## Information given
(* Let $R$ be a Dedekind domain and $I$ a non-principal ideal of $R$ such that $I\cong I^{-1}$ as $R$-modules. Let $A=M_2(R)$. Then ${}_A\mathrm{Hom}_R(A,I)\cong{}_AA$ as left $A$-modules.
   Context: The left $A$-module structure on $\mathrm{Hom}_R(A,I)$ is $(af)(x)=f(xa)$. *)

From HB Require Import structures.
From mathcomp Require Import all_boot all_order all_algebra.
From mathcomp Require Export fraction.
Set Implicit Arguments. Unset Strict Implicit. Unset Printing Implicit Defensive.
Import GRing.Theory.
Local Open Scope ring_scope.

Definition tofracR (R : idomainType) : R -> {fraction R} := @FracField.tofrac R.

Definition is_ideal (R : idomainType) (I : R -> Prop) : Prop :=
  I 0 /\ (forall x y, I x -> I y -> I (x + y)) /\ (forall r x, I x -> I (r * x)).

Definition principal_ideal (R : idomainType) (I : R -> Prop) : Prop :=
  exists a : R, forall x, I x <-> exists r, x = r * a.

Definition fin_gen_ideal (R : idomainType) (I : R -> Prop) : Prop :=
  exists s : seq R, forall x,
    I x <-> exists c : 'I_(size s) -> R, x = \sum_(i < size s) c i * s`_i.

Definition noetherian (R : idomainType) : Prop :=
  forall I : R -> Prop, is_ideal I -> fin_gen_ideal I.

Definition prime_ideal (R : idomainType) (P : R -> Prop) : Prop :=
  is_ideal P /\ ~ P 1 /\ (forall a b, P (a * b) -> P a \/ P b).

Definition maximal_ideal (R : idomainType) (M : R -> Prop) : Prop :=
  is_ideal M /\ ~ M 1 /\
  (forall J : R -> Prop, is_ideal J -> (forall x, M x -> J x) ->
     (forall x, J x -> M x) \/ J 1).

Definition dim_le1 (R : idomainType) : Prop :=
  forall P : R -> Prop, prime_ideal P -> (exists x, P x /\ x <> 0) -> maximal_ideal P.

Definition integrally_closed (R : idomainType) : Prop :=
  forall (x : {fraction R}) (p : {poly R}),
    p \is monic -> root (map_poly (@tofracR R) p) x -> exists r : R, x = tofracR r.

Definition dedekind_domain (R : idomainType) : Prop :=
  noetherian R /\ integrally_closed R /\ dim_le1 R.

Definition inv_ideal (R : idomainType) (I : R -> Prop) : {fraction R} -> Prop :=
  fun x => forall i, I i -> exists r : R, x * tofracR i = tofracR r.

Definition iso_ideal_inv (R : idomainType) (I : R -> Prop) : Prop :=
  exists f : R -> {fraction R},
    (forall i, I i -> inv_ideal I (f i)) /\
    (forall i j, I i -> I j -> f (i + j) = f i + f j) /\
    (forall r i, I i -> f (r * i) = tofracR r * f i) /\
    (forall i j, I i -> I j -> f i = f j -> i = j) /\
    (forall y, inv_ideal I y -> exists i, I i /\ f i = y).

Definition is_homRI (R : idomainType) (I : R -> Prop) (f : 'M[R]_2 -> R) : Prop :=
  (forall x, I (f x)) /\ (forall r x y, f (r *: x + y) = r * f x + f y).

Definition hom_act (R : idomainType) (a : 'M[R]_2) (f : 'M[R]_2 -> R) : 'M[R]_2 -> R :=
  fun x => f (x *m a).

Definition hom_iso_regular (R : idomainType) (I : R -> Prop) : Prop :=
  exists Psi : 'M[R]_2 -> ('M[R]_2 -> R),
    (forall a, is_homRI I (Psi a)) /\
    (forall a b x, Psi (a + b) x = Psi a x + Psi b x) /\
    (forall a b x, Psi (b *m a) x = hom_act b (Psi a) x) /\
    (forall a b, (forall x, Psi a x = Psi b x) -> a = b) /\
    (forall f, is_homRI I f -> exists a, forall x, Psi a x = f x).

(* The trace pairing identifies Hom_R(M_2(R), I), as a left M_2(R)-module, with
   M_2(I) acted on by left multiplication (G <-> tr(_ G)).  So it suffices to find
   M in M_2(I) whose inverse over Frac R lies in M_2(I^-1): then A |-> A M maps
   M_2(R) onto M_2(I).  Since I ~ I^-1 means I^-1 = c I, such an M exists as soon
   as y a + z b = 1 for some a, b in I and y, z in I^-1.  To find them, fix a <> 0
   in I; the ideal I I^-1 lies in no maximal ideal Q (an element of Q^-1 outside R
   would stabilise (I^-1)^-1 = I, contradicting integral closedness), and prime
   avoidance over the finitely many maximal ideals containing a yields b in I with
   b I^-1 in none of them, so that a I^-1 + b I^-1 contains 1. *)

From HB Require Import structures.
From mathcomp Require Import all_boot all_order all_algebra.
From mathcomp Require Import ring.
From Stdlib Require Import Classical IndefiniteDescription.
From Stdlib Require List.

Set Implicit Arguments. Unset Strict Implicit. Unset Printing Implicit Defensive.
Import GRing.Theory.
Local Open Scope ring_scope.

HB.instance Definition _ (R : idomainType) :=
  GRing.RMorphism.copy (@tofracR R) (@FracField.tofrac R).

Local Notation F := (@tofracR _).

Section Ideals.
Variable R : idomainType.
Implicit Types (X Y P Q : R -> Prop) (L : seq (R -> Prop)).

Definition incl X Y := forall x, X x -> Y x.
Definition nonzero X := exists x, X x /\ x <> 0.
Definition multiples (a : R) x := exists r, x = r * a.
Definition adjoin X (a : R) x := exists m r, X m /\ x = m + r * a.
Definition nonzero_prime P := prime_ideal P /\ nonzero P.

Section IdealClosure.
Variable X : R -> Prop.
Hypothesis idX : is_ideal X.

Lemma ideal0 : X 0. Proof. by case: idX. Qed.
Lemma idealD x y : X x -> X y -> X (x + y). Proof. by case: idX => _ [XD _]; apply: XD. Qed.
Lemma idealMl r x : X x -> X (r * x). Proof. by case: idX => _ [_ XM]; apply: XM. Qed.
Lemma idealMr r x : X x -> X (x * r). Proof. by rewrite mulrC; apply: idealMl. Qed.
Lemma idealN x : X x -> X (- x). Proof. by rewrite -mulN1r; apply: idealMl. Qed.

Lemma idealDr x y : X y -> X (x + y) -> X x.
Proof. by move=> Xy Xxy; rewrite -(addrK y x); apply: idealD (idealN Xy). Qed.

## Work to complete
Each line from the one containing "as y a + z b" through the end of the listing above should be copied exactly, with no other line included.

## Exercise result
   as y a + z b = 1 for some a, b in I and y, z in I^-1.  To find them, fix a <> 0
   in I; the ideal I I^-1 lies in no maximal ideal Q (an element of Q^-1 outside R
   would stabilise (I^-1)^-1 = I, contradicting integral closedness), and prime
   avoidance over the finitely many maximal ideals containing a yields b in I with
   b I^-1 in none of them, so that a I^-1 + b I^-1 contains 1. *)

From HB Require Import structures.
From mathcomp Require Import all_boot all_order all_algebra.
From mathcomp Require Import ring.
From Stdlib Require Import Classical IndefiniteDescription.
From Stdlib Require List.

Set Implicit Arguments. Unset Strict Implicit. Unset Printing Implicit Defensive.
Import GRing.Theory.
Local Open Scope ring_scope.

HB.instance Definition _ (R : idomainType) :=
  GRing.RMorphism.copy (@tofracR R) (@FracField.tofrac R).

Local Notation F := (@tofracR _).

Section Ideals.
Variable R : idomainType.
Implicit Types (X Y P Q : R -> Prop) (L : seq (R -> Prop)).

Definition incl X Y := forall x, X x -> Y x.
Definition nonzero X := exists x, X x /\ x <> 0.
Definition multiples (a : R) x := exists r, x = r * a.
Definition adjoin X (a : R) x := exists m r, X m /\ x = m + r * a.
Definition nonzero_prime P := prime_ideal P /\ nonzero P.

Section IdealClosure.
Variable X : R -> Prop.
Hypothesis idX : is_ideal X.

Lemma ideal0 : X 0. Proof. by case: idX. Qed.
Lemma idealD x y : X x -> X y -> X (x + y). Proof. by case: idX => _ [XD _]; apply: XD. Qed.
Lemma idealMl r x : X x -> X (r * x). Proof. by case: idX => _ [_ XM]; apply: XM. Qed.
Lemma idealMr r x : X x -> X (x * r). Proof. by rewrite mulrC; apply: idealMl. Qed.
Lemma idealN x : X x -> X (- x). Proof. by rewrite -mulN1r; apply: idealMl. Qed.

Lemma idealDr x y : X y -> X (x + y) -> X x.
Proof. by move=> Xy Xxy; rewrite -(addrK y x); apply: idealD (idealN Xy). Qed.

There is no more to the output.